A Cherokee is a fairly efficient SUV compared with Suburbans, Tahoes, Expeditions, gas-powered Excursions and the like.

I am going on a 4,000 miles trip in September with 3 or 4 of my buddies. We will get a whopping 8.5 to 9.5 MPG on diesel. We will tow an RV.

My regular car gets 40MPG as I don't drive my truck that much especially now.

Brian Elfert

Reply to
Brian Elfert

"George" wrote in news:43035742 snipped-for-privacy@newspeer2.tds.net:

Economists will describe this as a demand pull for alternate, or substitute goods. Economists are a dour lot.

Buy a good chain saw and a used pickup truck. Oh, and a lathe.

Patriarch, who once upon a time...

Reply to
Patriarch

Percentages can be mis-leading also. If Mobil had sales last year of $1 billion and made $1 profit and this year they sold $2 billion but the profit was $1.60, you could report a 60% increase in earnings.

The dealers are told (not requsted) by the distributor to change prices. I know of an instance last year by a local dealer that did not want to increase for the second time the same day. He was politely told he may not get any more deliveries if he did not raise them.

I got lucky last week. Prices went up 9¢ and they were getting a delivery and changing the signs while I was pumping. Five minutes later . . . .

I'd like to know who is making the money. Dealer? Distributor? Refiner? Arabs? All of the above?

>
Reply to
Edwin Pawlowski

The supply/demand curve for gasoline is different that most of the other products that we purchase.

Welcome to commodity economics.

I don't know where competitive pricing stops and price gouging starts. Unfortunately, based on our purchasing habits, we don't give the oil companies much incentive to lower prices.

As an aside, here's something interesting I found. On an inflation-adjusted basis (2005 dollars), the price of crude oil peaked in the early 80s at $84.29/bbl. In fact, from the late 70s through the early 80's, crude oil cost more than it does now.

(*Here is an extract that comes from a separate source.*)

(* Let $(G,D,\star)$ be a probabilistic metric space with $\star$ continuous. Then: (1) $(Lip^1_\star(G,\Delta^+),\overline{\mathbb D},\star)$ is a complete probabilistic metric space, and $\delta:G\to Lip^1_\star(G,\Delta^+)$, $a\mapsto\delta_a$, is an isometric embedding, i.e. $\overline{\mathbb D}(\delta_a,\delta_b)=D(a,b)$; (2) if moreover $(G,\cdot,D,\star)$ is an invariant probabilistic metric group and $\star$ is also sup-continuous, then $\delta:(G,\cdot)\to(Lip^1_\star(G,\Delta^+),\odot)$ is a group homomorphism.
   Context: A distribution function is a nondecreasing, left-continuous function $F:[-\infty,+\infty]\to[0,1]$ with $F(-\infty)=0$, $F(+\infty)=1$; $\Delta^+$ is the set of distribution functions with $F(0)=0$, ordered pointwise (a complete lattice with maximum $\mathcal H_0$ and minimum $\mathcal H_\infty$, where $\mathcal H_0(t)=0$ for $t\le0$, $1$ for $t>0$, and $\mathcal H_\infty(t)=0$ for $t<+\infty$, $\mathcal H_\infty(+\infty)=1$). A triangle function is a binary operation $\star$ on $\Delta^+$ that is commutative, associative, nondecreasing in each argument, with $F\star\mathcal H_0=F$; it is sup-continuous if $\sup_i(F_i\star L)=(\sup_iF_i)\star L$ for every nonempty family $(F_i)$ and every $L$. $F_n\xrightarrow{w}F$ means $F_n(t)\to F(t)$ at every continuity point $t\in\mathbb R$ of $F$; $\star$ is continuous if $F_n\star L_n\xrightarrow{w}F\star L$ whenever $F_n\xrightarrow{w}F$, $L_n\xrightarrow{w}L$. A probabilistic metric space $(G,D,\star)$ consists of a set $G$, a triangle function $\star$ and $D:G\times G\to\Delta^+$ with (i) $D(p,q)=\mathcal H_0$ iff $p=q$; (ii) $D(p,q)=D(q,p)$; (iii) $D(p,q)\star D(q,r)\le D(p,r)$. If $(G,\cdot)$ is a group and $D(pr,qr)=D(rp,rq)=D(p,q)$ for all $p,q,r$, it is an invariant probabilistic metric group. A sequence $(z_n)$ is Cauchy if $D(z_n,z_p)\xrightarrow{w}\mathcal H_0$ as $n,p\to\infty$; completeness means every Cauchy sequence has a point $z$ with $D(z_n,z)\xrightarrow{w}\mathcal H_0$. $Lip^1_\star(G,\Delta^+)$ is the set of maps $f:G\to\Delta^+$ with $D(x,y)\star f(y)\le f(x)$ for all $x,y$. $\delta_a(y)=D(y,a)$. $\Pi(G)$ is the set of $f\in Lip^1_\star(G,\Delta^+)$ for which there is a Cauchy sequence $(a_n)\subset G$ with $D(a_n,x)\xrightarrow{w}f(x)$ for all $x$. $\mathbb D(f,g)=\sup_{x\in G}f(x)\star g(x)$ for $f,g\in\Pi(G)$. $\overline{\mathbb D}$ on $Lip^1_\star(G,\Delta^+)$ is: $\overline{\mathbb D}(f,g)=\mathbb D(f,g)$ if $f,g\in\Pi(G)$; $\overline{\mathbb D}(f,g)=\mathcal H_0$ if $f=g$; $\overline{\mathbb D}(f,g)=\mathcal H_\infty$ if $f\ne g$ and $(f,g)\notin\Pi(G)\times\Pi(G)$. For maps $f,g:G\to\Delta^+$, $(f\odot g)(x)=\sup_{y,z\in G,\ yz=x}f(y)\star g(z)$. *)

From Stdlib Require Import Reals Classical ClassicalEpsilon FunctionalExtensionality.
Open Scope R_scope.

Of course, you'll never hear that in a newscast, because it suits their purpose to report "record oil prices". Here's another one...in the early 70's, crude oil traded at (again in 2005 dollars) $9.03/bbl.

todd

Reply to
Todd Fatheree

Well, if you were invested in Shell Oil, you would have made 30% over the past year. Obviously, the crude oil producers make out like bandits. I'm pretty sure nobody in the supply chain is going broke.

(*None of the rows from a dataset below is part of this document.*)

Lemma completion_linearizable : linearizable_conforming delta s0 completion.
Proof.
  set (L := map (fun g => pos (ent_id g)) G).
  assert (HnodupL : NoDup L).
  { apply NoDup_map_comp; [exact log_ids_NoDup|]. intros a b Ha Hb Hab.
    pose proof (keep_logged a Ha). pose proof (keep_logged b Hb).
    destruct (lt_eq_lt_dec (ent_id a) (ent_id b)) as [[Hl|Hl]|Hl]; auto.
    - pose proof (pos_lt _ _ H Hl). lia.
    - pose proof (pos_lt _ _ H0 Hl). lia. }
  assert (HnthL : forall k g, nth_error G k = Some g -> nth k L 0 = pos (ent_id g)).
  { intros k g Hk. apply nth_error_nth. unfold L. rewrite nth_error_map, Hk. reflexivity. }
  assert (Hentry : forall k, k < length L -> exists g, nth_error G k = Some g).
  { intros k Hk. unfold L in Hk. rewrite length_map in Hk.
    destruct (nth_error G k) eqn:E; eauto. apply nth_error_None in E. lia. }
  exists L, (fun y => lin_point pos y G 0), (state_before G).
  split; [exact HnodupL|]. split; [|split; [|split; [reflexivity|]]].
  - intros y. split.
    + intros Hy. apply in_map_iff in Hy. destruct Hy as [g [<- Hg]].
      destruct (In_nth_error _ _ Hg) as [k Hk].
      destruct (completion_entry_resp k g Hk) as [j [p [o [_ [H1 _]]]]]. exists p, o. exact H1.
    + intros Hy. destruct (completion_inv y Hy) as [k [g [Hk <-]]].
      apply (in_map (fun g => pos (ent_id g))). eapply nth_error_In; eauto.
  - intros k Hk. destruct (Hentry k) as [g Hg]; [lia|]. destruct (Hentry (S k)) as [g' Hg']; [lia|].
    rewrite (HnthL _ _ Hg), (HnthL _ _ Hg'), (lin_point_nth pos G HnodupL k 0 g Hg),
      (lin_point_nth pos G HnodupL (S k) 0 g' Hg').
    pose proof (qtime_le _ _ (pos_le _ _ (log_time_sorted k g g' Hg Hg'))).
    pose proof (Qinv_succ_decr k). rewrite !Nat.add_0_l. lra.
  - intros k Hk. destruct (Hentry k Hk) as [g Hg].
    destruct (completion_entry_resp k g Hg) as [j [p [o [Hr [Hinv [Hresp Hj]]]]]].
    destruct (log_entry_ok k g Hg) as [[p' [o' [Hi Hd]]] [Hlt _]].
    assert (Hkg : keep (ent_id g) = true) by (apply keep_logged; eapply nth_error_In; eauto).
    rewrite nth_error_completion_kept, Hi in Hinv by (auto; apply nth_error_Some; congruence).
    injection Hinv as <- <-.
    exists j, p', o', (ent_resp g). rewrite (HnthL _ _ Hg). split; [exact Hr|].
    rewrite nth_error_completion_kept, (lin_point_nth pos G HnodupL k 0 g Hg)
      by (auto; apply nth_error_Some; congruence).
    split; [exact Hi|]. split; [exact Hresp|].
    pose proof (qtime_le _ _ (pos_lt _ _ Hkg Hlt)) as Hlow. rewrite qtime_succ in Hlow.
    pose proof (qtime_le _ _ Hj). pose proof (Qinv_succ_pos k). pose proof (Qinv_succ_le1 k).
    rewrite Nat.add_0_l. split; [|split]; [lra|lra|].
    simpl. rewrite Hg. exact Hd.
Qed.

I'm actually surprised that gas prices have been as low historically as they have been. I'm not an economist, but I bet the demand curve for gasoline is highly inelastic (I think I'm using the correct term here...it's been a while since Econ 101). What I hope that means is that the demand for gasoline is not affected greatly by the price. But, as happened in the 70s, I think the gas prices are starting to get people's attention. Demand for hybrid vehicles is very strong and I would hope that fuel efficiency is very high on people's concerns when purchasing a car. I'm sensitive to this as I currently have to drive 60 miles per day to get to work. The change I've made is that I've started taking the train most of the time. It's somewhat inconvenient as I have to take the train downtown and then catch another going out to the suburb I work in, but I don't have to sit in traffic and can do my technical reading on the ride. At least I can when some crackhead isn't sitting next to me singing for 30 minutes straight.

todd

Reply to
Todd Fatheree

Maybe where you live, but in the SE U.S., we got that news last week, the week before and the week before that. Regional TV newscast and the local "liberal" paper both covered it.

No big deal. I still don't like paying closer to three bucks a gallon than is comfortable.

One pundit, as noted earlier, has stated that it's likely gasoline will hit $4.67 a gallon by years' end. I was predicting three buck gas months ago, around here (and this is one of the lowest priced areas in the U.S.).

The rationales are almost excessively simple. In Europe, it's political greed (taxes) added to high oil prices; here, it's greed, period, not tied to any particular political party.